§ **EXERCISE PROMPT**
Pull every line that includes the word "Lemma" out of the data below and copy it.

§ **EXERCISE DATA**
Lemma tvar_inj a b : (0 < a <= N)%N -> (0 < b <= N)%N -> tvar N a = tvar N b -> a = b.
Proof.
move=> /andP[a_gt0 le_aN] /andP[b_gt0 le_bN] /eqP; rewrite /tvar tofrac_eq => /eqP eq_X.
have inord_pred c : (0 < c <= N)%N -> nat_of_ord (@inord N c.-1) = c.-1.
  by case/andP=> c_gt0 le_cN; rewrite inordK // ltnS (leq_trans (leq_pred _) le_cN).
have eq_ord : @inord N a.-1 = @inord N b.-1.
  have [// | ne_ord] := eqVneq (@inord N a.-1) (@inord N b.-1).
  pose v (i : 'I_N.+1) : rat := if i == @inord N a.-1 then 1 else 0.
  move: (congr1 (meval v) eq_X); rewrite !mevalXU /v eqxx eq_sym (negbTE ne_ord).
  by move/eqP; rewrite oner_eq0.
move: (congr1 val eq_ord); rewrite /= !inord_pred ?a_gt0 ?b_gt0 // => eq_pred.
by rewrite -(prednK a_gt0) -(prednK b_gt0) eq_pred.
Qed.

Lemma ominus_tvar_neq0 a b : (0 < a <= N)%N -> (0 < b <= N)%N -> a != b ->
  ominus (tvar N a) (tvar N b) != 0.
Proof.
move=> a_range b_range ne_ab; rewrite /ominus mulf_neq0 ?invr_eq0 ?one_beta_tvar_neq0 //.
by rewrite subr_eq0; apply: contra ne_ab => /eqP /(tvar_inj a_range b_range) ->.
Qed.

Lemma ps_equpto_ominus m (x x' : ps (RatFun N)) c :
  ps_equpto m x x' -> ps_equpto m (ps_ominus x c) (ps_ominus x' c).
Proof. by move=> eq_x j le_jm; rewrite /ps_ominus eq_x. Qed.

End Variables.

Lemma signed_ratio_inv (F : fieldType) (e : nat) (u P Q : F) :
  (0 < e)%N -> u != 0 -> P != 0 -> Q != 0 ->
  (-1) ^+ e.-1 * u ^+ e.+1 / (P * Q) = - ((-1) ^+ e * (P * (u ^+ e)^-1 * Q) / u)^-1.
Proof.
case: e => // e _ u_neq0 P_neq0 Q_neq0; rewrite /= -invr_sign !exprS.
have ratio_inv (s w : F) : s != 0 -> w != 0 ->
    s^-1 * (u * (u * w)) / (P * Q) = - (-1 * s * (P / (u * w) * Q) / u)^-1.
  move=> s_neq0 w_neq0.
  by field; rewrite u_neq0 P_neq0 Q_neq0 s_neq0 w_neq0 oppr_eq0 oner_eq0.
by rewrite ratio_inv ?signr_eq0 ?expf_neq0.
Qed.

Section BetheSolution.
Variables (n k : nat) (l : Lam n k).
Local Notation N := (n + k).
Local Notation K := (RatFun (n + k)).

Definition idx (p : 'I_n) : nat := Iidx l p.

Lemma idx_range p : (0 < idx p <= N)%N.
Proof. by rewrite /idx /Iidx addnS ltn0Sn /= addnC -addSn leq_add // -ltnS ltn_ord. Qed.
Lemma Phi_cycle i j l : Phi i j l = Phi l i j.
Proof.
rewrite /Phi; have /eqP := Oinv i j l; rewrite big_split /= addr_eq0 => /eqP ->.
rewrite -sumrN; apply: eq_bigr => m _; by rewrite fgA Os mulNr opprK.
Qed.

Lemma cocycle_derivation d i j l : \sum_k fg i j k * (\sum_m fa d k m * Om m l)
  = \sum_k fa d i k * Phi k j l + \sum_k fa d j k * Phi i k l.
Proof.
rewrite -sum_mul_sumA.
under eq_bigr => m _ do rewrite fa_der mulrDl.
by rewrite big_split /= !sum_mul_sumA.
Qed.

Lemma cocycle_skew d i j l : \sum_k fa d i k * Phi k j l
  = - \sum_m fg j l m * (\sum_k fa d m k * Om k i).
Proof.
under eq_bigr => k _ do rewrite Phi_cycle Phi_cycle /Phi big_distrr.
rewrite exchange_big -sumrN; apply: eq_bigr => m _ /=.
rewrite -mulrN -action_form_skew big_distrr; apply: eq_bigr => k _ /=.
by rewrite Os; ring.
Qed.

(* The skew derivation [fa d] of g gives the 2-cocycle <fa d G_i, G_j>. *)
Lemma action_form_cocycle d i j l :
  \sum_k fg i j k * (\sum_m fa d k m * Om m l) +
  \sum_k fg j l k * (\sum_m fa d k m * Om m i) +
  \sum_k fg l i k * (\sum_m fa d k m * Om m j) = 0.
Proof.
suff -> : \sum_k fg i j k * (\sum_m fa d k m * Om m l) =
  - \sum_k fg j l k * (\sum_m fa d k m * Om m i)
  - \sum_k fg l i k * (\sum_m fa d k m * Om m j) by lra.
rewrite cocycle_derivation cocycle_skew.
have -> : \sum_k fa d j k * Phi i k l = \sum_k fa d j k * Phi k l i.
  by apply: eq_bigr => k _; rewrite [Phi k l i]Phi_cycle.
by rewrite cocycle_skew.
Qed.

§ **ANSWER TO THIS EXERCISE**
Lemma tvar_inj a b : (0 < a <= N)%N -> (0 < b <= N)%N -> tvar N a = tvar N b -> a = b.
Lemma ominus_tvar_neq0 a b : (0 < a <= N)%N -> (0 < b <= N)%N -> a != b ->
Lemma ps_equpto_ominus m (x x' : ps (RatFun N)) c :
Lemma signed_ratio_inv (F : fieldType) (e : nat) (u P Q : F) :
Lemma idx_range p : (0 < idx p <= N)%N.
Lemma Phi_cycle i j l : Phi i j l = Phi l i j.
Lemma cocycle_derivation d i j l : \sum_k fg i j k * (\sum_m fa d k m * Om m l)
Lemma cocycle_skew d i j l : \sum_k fa d i k * Phi k j l
Lemma action_form_cocycle d i j l :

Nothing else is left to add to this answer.